Although it is not due until July, ENPH has a significant fee payment due to the term loan lenders immediately after the end of Q2 and it is reflected in the table.
Assuming a high case of $75 million in revenue (almost the midpoint of management projections), cash available after loan fees is only $2.4 million. At the Q2 projected burn rate, ENPH would run out of cash during the second week of July. If ENPH is unable to attain the $75 million revenue target, the liquidity noose will be even tighter at June 30th.
The term loans coverage ratio requires cash, accounts receivable, and inventory to equal 1.5x the face value of the debt. This will inhibit ENPH's ability to issue debt based on the Q2 projected cash burn, so its funding alternatives are limited to the issuance of privately placed common stock or convertible preferred stock. ENPH did use an At-the-market equity issuance program during Q1 but its current equity needs are likely too pressing to pursue this route.
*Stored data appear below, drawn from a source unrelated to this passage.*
Section SumsOfCoefficients.
Variables (r i j : nat).
Hypotheses (ij : (1 <= i < j)%N) (jr : (j <= r)%N).

Lemma sum_corootc_PI : \sum_(1 <= k < r) corootc r (PI i j) k = (j - i)%:R.
Proof.
rewrite (@big_cat_nat _ _ _ i 1 r) ?(@big_cat_nat _ _ _ j i r) //=; try lia.
rewrite (@sumr_nat_const_on _ 1 i 0) ?(@sumr_nat_const_on _ i j 1)
  ?(@sumr_nat_const_on _ j r 0); try by move=> k kb; rewrite /corootc; solve_ifs.
lia.
Qed.

Lemma sum_corootc_PII : \sum_(1 <= k < r) corootc r (PII i j) k = (j - i + 2 * (r - j))%:R.
Proof.
rewrite (@big_cat_nat _ _ _ i 1 r) ?(@big_cat_nat _ _ _ j i r) //=; try lia.
rewrite (@sumr_nat_const_on _ 1 i 0) ?(@sumr_nat_const_on _ i j 1)
  ?(@sumr_nat_const_on _ j r 2); try by move=> k kb; rewrite /corootc; solve_ifs.
lia.
Qed.

Lemma height_PI : \sum_(1 <= k < r.+1) rootc r (PI i j) k = (j - i)%:R.
Proof.
rewrite (@big_cat_nat _ _ _ i 1 r.+1) ?(@big_cat_nat _ _ _ j i r.+1) //=; try lia.
rewrite (@sumr_nat_const_on _ 1 i 0) ?(@sumr_nat_const_on _ i j 1)
  ?(@sumr_nat_const_on _ j r.+1 0); try by move=> k kb; rewrite /rootc; solve_ifs.
lia.
Qed.

Lemma height_PII : \sum_(1 <= k < r.+1) rootc r (PII i j) k = (j - i + 2 * (r - j) + 1)%:R.
Proof.
rewrite (@big_cat_nat _ _ _ i 1 r.+1) ?(@big_cat_nat _ _ _ j i r.+1)
  ?(@big_cat_nat _ _ _ r j r.+1) //=; try lia.
rewrite (@sumr_nat_const_on _ 1 i 0) ?(@sumr_nat_const_on _ i j 1) ?(@sumr_nat_const_on _ j r 2)
  ?(@sumr_nat_const_on _ r r.+1 1); try by move=> k kb; rewrite /rootc; solve_ifs.
lia.
Qed.

Lemma corootc_PI_r : corootc r (PI i j) r = 0.
Proof. by rewrite /corootc; solve_ifs. Qed.

Lemma corootc_PII_r : corootc r (PII i j) r = 2.
Proof. by rewrite /corootc; solve_ifs. Qed.

End SumsOfCoefficients.

Section SumsOfCoefficientsLong.
Variables (r i : nat).
Hypothesis ir : (1 <= i <= r)%N.

Lemma sum_corootc_PIII : \sum_(1 <= k < r) corootc r (PIII i) k = (r - i)%:R.
Proof.
rewrite (@big_cat_nat _ _ _ i 1 r) //=; try lia.
rewrite (@sumr_nat_const_on _ 1 i 0) ?(@sumr_nat_const_on _ i r 1);
  try by move=> k kb; rewrite /corootc; solve_ifs.
lia.
Qed.

Lemma height_PIII : \sum_(1 <= k < r.+1) rootc r (PIII i) k = (2 * (r - i) + 1)%:R.
Proof.
rewrite (@big_cat_nat _ _ _ i 1 r.+1) ?(@big_cat_nat _ _ _ r i r.+1) //=; try lia.
rewrite (@sumr_nat_const_on _ 1 i 0) ?(@sumr_nat_const_on _ i r 2)
  ?(@sumr_nat_const_on _ r r.+1 1); try by move=> k kb; rewrite /rootc; solve_ifs.
lia.
Qed.

Lemma corootc_PIII_r : corootc r (PIII i) r = 1.
Proof. by rewrite /corootc; solve_ifs. Qed.

End SumsOfCoefficientsLong.

(* [coroot_scale p] is [2 / (beta, beta)] for the invariant form in which
   short roots have squared length 1; [(alpha_k, alpha_k)] is 1 for [k < r]
   and 2 for [k = r], whence the coefficient relation below. *)
Definition coroot_scale (p : proot) : int := if p is PIII _ then 1 else 2.

Lemma corootc_rootc r p l : isPos r p -> (1 <= l <= r)%N ->
  corootc r p l * (if (l < r)%N then 2 else 1) = coroot_scale p * rootc r p l.
Proof.
by case: p => [i j|i j|i]; rewrite /isPos /isI /isII /isIII /= => p_pos lr;
  rewrite /corootc /rootc; solve_ifs.
Qed.

Lemma PII_height_surj {r k} : (2 <= k <= 2 * r - 2)%N ->
  exists i j, [/\ (1 <= i < j)%N, (j <= r)%N & k = j - i + 2 * (r - j) + 1]%N.
Proof.
have [rk | kr] := leqP r k => kb; first by exists 1%N, (2 * r - k)%N; split; lia.
by exists (r.+1 - k)%N, r; split; lia.
Qed.

Lemma nat_parity_cases k : exists t, k = (2 * t).+1 \/ k = (2 * t)%N.
Proof. by exists k./2; have := odd_double_half k; case: (odd k) => /= kE; lia. Qed.

Lemma fX_img_eq_fY_img r m alphav nt (C : proot -> bool) :
  (forall p, C p -> @fX r m alphav nt p = fY r alphav nt p) ->
  seteq (fX_img r alphav nt C) (fY_img r alphav nt C).
Proof. by move=> fXY x; split=> -[p [Cp ->]]; exists p; rewrite fXY. Qed.

Section RootDatum.
Context {r m : nat} {alpha alphav : nat -> 'rV[int]_m}.
Hypothesis r_ge2 : (2 <= r)%N.
Hypothesis pairing_simple : forall i j, (1 <= i <= r)%N -> (1 <= j <= r)%N ->
  pairing (alpha i) (alphav j) = cartanC r i j.

Lemma rootv_PI_succ l : (1 <= l < r)%N -> rootv r alpha (PI l l.+1) = alpha l.
Proof.
move=> lr; rewrite /rootv (@comb_single _ _ _ _ l); try lia.
  by rewrite /rootc ifT ?scale1r //; lia.
by move=> k kl; rewrite /rootc; solve_ifs.
Qed.

Lemma corootv_PI_succ l : (1 <= l < r)%N -> corootv r alphav (PI l l.+1) = alphav l.
Proof.
move=> lr; rewrite /corootv (@comb_single _ _ _ _ l); try lia.
  by rewrite /corootc ifT ?scale1r //; lia.
by move=> k kl; rewrite /corootc; solve_ifs.
Qed.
At a current equity market value of $77.6 million, ENPH would need to dilute its existing shareholders by at least 40% to raise the $25 million (before issuance fees and expenses) it would need to survive the third quarter since private placement common equity purchasers would be looking for a significant discount to market. If ENPH goes the convertible preferred route, it would structurally subordinate the common stock holders. Please note that ENPH has almost doubled its share count in the last 12 months because it has a business model that has not worked to date.
Disclosure: I/we have no positions in any stocks mentioned, and no plans to initiate any positions within the next 72 hours.
I wrote this article myself, and it expresses my own opinions. I am not receiving compensation for it (other than from Seeking Alpha). I have no business relationship with any company whose stock is mentioned in this article.